> To do:
For every line in the data below that contains "intRN", copy the line.

[Stored entries]
##########

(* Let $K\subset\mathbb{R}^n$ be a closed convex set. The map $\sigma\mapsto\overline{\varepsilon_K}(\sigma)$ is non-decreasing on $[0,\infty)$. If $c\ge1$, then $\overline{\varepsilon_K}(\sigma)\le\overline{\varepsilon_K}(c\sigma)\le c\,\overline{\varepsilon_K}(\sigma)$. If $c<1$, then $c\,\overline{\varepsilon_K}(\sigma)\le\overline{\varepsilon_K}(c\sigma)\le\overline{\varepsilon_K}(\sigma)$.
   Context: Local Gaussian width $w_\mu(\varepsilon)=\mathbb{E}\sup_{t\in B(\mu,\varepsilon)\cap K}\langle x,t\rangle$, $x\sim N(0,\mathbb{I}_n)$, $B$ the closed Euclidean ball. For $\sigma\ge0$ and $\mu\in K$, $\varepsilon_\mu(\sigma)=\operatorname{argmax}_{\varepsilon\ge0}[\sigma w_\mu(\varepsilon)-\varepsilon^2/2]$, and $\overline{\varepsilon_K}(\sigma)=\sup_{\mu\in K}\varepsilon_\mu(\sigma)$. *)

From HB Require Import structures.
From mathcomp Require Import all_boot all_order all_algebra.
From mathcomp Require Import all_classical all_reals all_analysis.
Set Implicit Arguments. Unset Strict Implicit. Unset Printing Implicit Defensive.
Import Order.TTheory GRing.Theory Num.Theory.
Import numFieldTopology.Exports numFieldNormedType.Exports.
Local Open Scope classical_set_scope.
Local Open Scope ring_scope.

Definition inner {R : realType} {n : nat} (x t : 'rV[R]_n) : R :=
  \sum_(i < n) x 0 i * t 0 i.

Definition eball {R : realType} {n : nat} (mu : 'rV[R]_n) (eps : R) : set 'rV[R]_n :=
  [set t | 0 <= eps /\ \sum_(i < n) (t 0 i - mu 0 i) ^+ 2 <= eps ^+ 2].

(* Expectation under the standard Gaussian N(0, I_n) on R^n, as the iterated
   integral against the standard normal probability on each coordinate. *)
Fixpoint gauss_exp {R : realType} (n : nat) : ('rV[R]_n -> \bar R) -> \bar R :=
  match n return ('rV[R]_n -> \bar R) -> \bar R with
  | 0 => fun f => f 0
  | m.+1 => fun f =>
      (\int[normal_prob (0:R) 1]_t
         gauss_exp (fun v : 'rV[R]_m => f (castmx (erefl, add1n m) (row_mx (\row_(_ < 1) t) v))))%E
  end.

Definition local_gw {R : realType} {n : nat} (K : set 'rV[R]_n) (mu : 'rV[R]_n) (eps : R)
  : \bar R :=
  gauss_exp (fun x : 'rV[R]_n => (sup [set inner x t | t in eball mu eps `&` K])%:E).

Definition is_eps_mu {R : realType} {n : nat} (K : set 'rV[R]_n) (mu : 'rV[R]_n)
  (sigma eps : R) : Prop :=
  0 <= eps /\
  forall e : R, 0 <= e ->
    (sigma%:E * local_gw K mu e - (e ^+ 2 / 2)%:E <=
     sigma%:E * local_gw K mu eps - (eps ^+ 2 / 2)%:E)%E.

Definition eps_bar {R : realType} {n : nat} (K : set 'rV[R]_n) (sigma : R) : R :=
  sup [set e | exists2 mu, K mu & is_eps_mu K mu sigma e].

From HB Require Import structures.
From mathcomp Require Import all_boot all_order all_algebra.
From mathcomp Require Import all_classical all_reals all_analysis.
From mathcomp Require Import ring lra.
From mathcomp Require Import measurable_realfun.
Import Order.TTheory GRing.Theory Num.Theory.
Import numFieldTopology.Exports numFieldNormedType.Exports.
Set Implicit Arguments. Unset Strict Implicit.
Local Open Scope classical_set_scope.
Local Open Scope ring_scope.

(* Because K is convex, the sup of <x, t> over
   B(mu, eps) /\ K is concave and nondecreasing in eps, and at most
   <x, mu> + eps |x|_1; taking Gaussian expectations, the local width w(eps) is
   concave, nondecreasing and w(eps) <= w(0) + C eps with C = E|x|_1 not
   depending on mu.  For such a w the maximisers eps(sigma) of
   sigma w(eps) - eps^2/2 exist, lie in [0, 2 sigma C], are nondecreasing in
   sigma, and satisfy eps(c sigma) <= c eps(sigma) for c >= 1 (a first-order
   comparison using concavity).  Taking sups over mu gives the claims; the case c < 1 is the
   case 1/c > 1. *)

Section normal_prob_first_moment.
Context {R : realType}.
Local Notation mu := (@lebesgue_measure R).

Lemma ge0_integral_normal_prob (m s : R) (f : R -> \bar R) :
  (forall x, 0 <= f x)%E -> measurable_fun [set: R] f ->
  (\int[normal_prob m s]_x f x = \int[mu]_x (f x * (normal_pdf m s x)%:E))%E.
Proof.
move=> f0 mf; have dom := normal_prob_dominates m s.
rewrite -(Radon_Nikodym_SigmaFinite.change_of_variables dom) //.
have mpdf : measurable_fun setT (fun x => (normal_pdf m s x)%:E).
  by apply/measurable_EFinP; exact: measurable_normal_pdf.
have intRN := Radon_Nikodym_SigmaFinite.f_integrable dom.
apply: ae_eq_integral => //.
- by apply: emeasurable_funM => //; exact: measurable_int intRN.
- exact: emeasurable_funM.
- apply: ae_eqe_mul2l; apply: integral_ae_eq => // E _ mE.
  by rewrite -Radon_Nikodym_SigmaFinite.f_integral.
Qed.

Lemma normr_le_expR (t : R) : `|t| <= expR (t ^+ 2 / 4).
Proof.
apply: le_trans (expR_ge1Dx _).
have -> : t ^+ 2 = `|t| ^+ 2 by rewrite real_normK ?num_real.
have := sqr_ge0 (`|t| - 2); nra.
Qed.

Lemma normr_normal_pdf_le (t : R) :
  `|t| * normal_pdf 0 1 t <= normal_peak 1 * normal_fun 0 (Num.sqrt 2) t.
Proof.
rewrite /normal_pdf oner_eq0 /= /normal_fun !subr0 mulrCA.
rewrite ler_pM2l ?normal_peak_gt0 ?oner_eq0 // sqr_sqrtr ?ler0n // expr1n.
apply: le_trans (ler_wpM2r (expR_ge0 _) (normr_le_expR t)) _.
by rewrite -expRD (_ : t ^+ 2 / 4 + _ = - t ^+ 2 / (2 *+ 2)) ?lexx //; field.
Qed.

##########

> Answer to the problem:
have intRN := Radon_Nikodym_SigmaFinite.f_integrable dom.
- by apply: emeasurable_funM => //; exact: measurable_int intRN.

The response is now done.